<<<<

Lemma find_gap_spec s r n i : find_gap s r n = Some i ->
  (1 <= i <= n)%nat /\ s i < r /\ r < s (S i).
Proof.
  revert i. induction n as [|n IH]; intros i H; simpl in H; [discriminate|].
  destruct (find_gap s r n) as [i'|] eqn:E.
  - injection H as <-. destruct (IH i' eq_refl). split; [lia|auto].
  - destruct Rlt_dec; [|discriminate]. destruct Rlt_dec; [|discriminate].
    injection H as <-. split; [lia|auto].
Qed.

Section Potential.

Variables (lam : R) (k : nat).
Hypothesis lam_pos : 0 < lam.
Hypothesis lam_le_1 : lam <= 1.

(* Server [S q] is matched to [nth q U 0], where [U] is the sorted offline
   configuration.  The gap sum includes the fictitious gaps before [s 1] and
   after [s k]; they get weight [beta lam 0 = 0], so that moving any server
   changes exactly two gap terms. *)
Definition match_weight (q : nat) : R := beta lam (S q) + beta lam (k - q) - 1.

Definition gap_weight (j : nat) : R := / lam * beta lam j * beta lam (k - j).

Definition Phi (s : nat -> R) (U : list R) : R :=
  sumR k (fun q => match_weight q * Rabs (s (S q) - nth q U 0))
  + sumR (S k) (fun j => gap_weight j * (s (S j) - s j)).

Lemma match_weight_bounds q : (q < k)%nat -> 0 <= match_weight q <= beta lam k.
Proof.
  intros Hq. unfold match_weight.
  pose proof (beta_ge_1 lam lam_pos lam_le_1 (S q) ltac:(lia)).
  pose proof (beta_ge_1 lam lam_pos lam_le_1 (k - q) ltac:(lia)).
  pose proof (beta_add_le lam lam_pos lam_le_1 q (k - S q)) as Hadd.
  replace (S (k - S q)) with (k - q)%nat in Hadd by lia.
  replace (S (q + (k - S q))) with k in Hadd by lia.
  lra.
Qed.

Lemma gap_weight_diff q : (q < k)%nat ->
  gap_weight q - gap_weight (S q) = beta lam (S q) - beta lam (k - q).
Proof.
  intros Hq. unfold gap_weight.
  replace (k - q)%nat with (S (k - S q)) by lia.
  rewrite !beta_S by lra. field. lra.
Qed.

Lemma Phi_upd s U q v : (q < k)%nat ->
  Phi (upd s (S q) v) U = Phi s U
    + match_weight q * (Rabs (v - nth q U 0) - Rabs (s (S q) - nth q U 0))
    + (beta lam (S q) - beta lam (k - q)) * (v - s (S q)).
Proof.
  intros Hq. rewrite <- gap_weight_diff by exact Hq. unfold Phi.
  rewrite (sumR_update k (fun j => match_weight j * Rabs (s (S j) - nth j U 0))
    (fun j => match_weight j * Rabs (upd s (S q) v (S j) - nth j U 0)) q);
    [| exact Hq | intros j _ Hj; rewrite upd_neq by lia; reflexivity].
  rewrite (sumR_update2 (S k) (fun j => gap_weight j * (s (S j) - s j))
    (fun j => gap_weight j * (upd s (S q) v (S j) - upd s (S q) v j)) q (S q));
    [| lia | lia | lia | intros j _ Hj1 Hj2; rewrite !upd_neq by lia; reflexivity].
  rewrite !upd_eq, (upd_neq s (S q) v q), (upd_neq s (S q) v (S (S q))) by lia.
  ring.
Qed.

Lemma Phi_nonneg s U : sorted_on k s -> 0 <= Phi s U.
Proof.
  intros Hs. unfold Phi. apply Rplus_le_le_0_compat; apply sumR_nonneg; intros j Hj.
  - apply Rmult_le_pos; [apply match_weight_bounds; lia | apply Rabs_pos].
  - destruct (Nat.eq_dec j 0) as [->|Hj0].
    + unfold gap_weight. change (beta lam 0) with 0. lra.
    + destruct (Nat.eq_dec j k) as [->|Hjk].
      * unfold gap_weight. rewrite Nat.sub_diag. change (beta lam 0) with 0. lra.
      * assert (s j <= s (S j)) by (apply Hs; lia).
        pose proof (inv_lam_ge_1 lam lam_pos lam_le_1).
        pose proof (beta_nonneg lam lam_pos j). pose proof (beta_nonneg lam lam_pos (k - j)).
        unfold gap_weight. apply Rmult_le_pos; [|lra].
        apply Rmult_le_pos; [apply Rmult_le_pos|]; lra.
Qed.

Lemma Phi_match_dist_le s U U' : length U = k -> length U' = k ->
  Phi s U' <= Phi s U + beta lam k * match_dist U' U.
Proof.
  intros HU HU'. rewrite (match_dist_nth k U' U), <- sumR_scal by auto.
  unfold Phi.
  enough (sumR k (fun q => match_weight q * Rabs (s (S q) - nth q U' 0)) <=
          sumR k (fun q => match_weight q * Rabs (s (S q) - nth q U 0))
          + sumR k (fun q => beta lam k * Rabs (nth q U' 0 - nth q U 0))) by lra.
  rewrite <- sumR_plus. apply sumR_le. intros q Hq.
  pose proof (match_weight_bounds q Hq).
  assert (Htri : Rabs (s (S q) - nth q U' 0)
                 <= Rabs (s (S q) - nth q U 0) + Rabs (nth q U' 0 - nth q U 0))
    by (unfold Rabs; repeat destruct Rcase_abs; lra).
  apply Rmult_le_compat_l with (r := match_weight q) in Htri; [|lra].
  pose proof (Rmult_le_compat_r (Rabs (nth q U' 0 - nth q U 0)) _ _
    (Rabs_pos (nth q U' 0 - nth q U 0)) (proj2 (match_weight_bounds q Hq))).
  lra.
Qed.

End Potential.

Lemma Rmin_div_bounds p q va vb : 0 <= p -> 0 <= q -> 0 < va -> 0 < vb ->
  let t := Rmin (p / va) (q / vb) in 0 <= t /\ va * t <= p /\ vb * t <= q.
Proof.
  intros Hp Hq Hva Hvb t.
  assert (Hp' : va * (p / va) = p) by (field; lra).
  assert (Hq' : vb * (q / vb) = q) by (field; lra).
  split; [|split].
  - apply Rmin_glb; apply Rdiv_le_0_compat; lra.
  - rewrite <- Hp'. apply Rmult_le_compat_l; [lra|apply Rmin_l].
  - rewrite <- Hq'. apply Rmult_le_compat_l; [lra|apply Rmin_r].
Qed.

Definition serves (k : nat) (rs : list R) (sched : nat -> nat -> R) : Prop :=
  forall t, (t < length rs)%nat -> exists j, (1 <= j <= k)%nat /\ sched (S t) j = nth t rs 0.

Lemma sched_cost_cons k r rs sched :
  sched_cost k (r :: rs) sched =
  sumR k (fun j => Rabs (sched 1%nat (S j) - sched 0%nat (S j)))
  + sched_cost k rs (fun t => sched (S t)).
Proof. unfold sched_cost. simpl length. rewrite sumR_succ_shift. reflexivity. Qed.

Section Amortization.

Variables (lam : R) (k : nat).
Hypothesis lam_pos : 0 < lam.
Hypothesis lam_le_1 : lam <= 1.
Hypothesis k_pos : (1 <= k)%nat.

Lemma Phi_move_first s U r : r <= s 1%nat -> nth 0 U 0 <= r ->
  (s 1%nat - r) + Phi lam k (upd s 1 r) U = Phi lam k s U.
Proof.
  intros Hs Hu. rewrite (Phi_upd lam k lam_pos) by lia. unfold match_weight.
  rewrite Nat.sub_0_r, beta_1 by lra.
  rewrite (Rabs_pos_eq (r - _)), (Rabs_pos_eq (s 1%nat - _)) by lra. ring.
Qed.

>>>>

▶ _Exercise objective_: Retrieve every line above holding the word "field".

▶ _Your solution_:
  rewrite !beta_S by lra. field. lra.
  assert (Hp' : va * (p / va) = p) by (field; lra).
  assert (Hq' : vb * (q / vb) = q) by (field; lra).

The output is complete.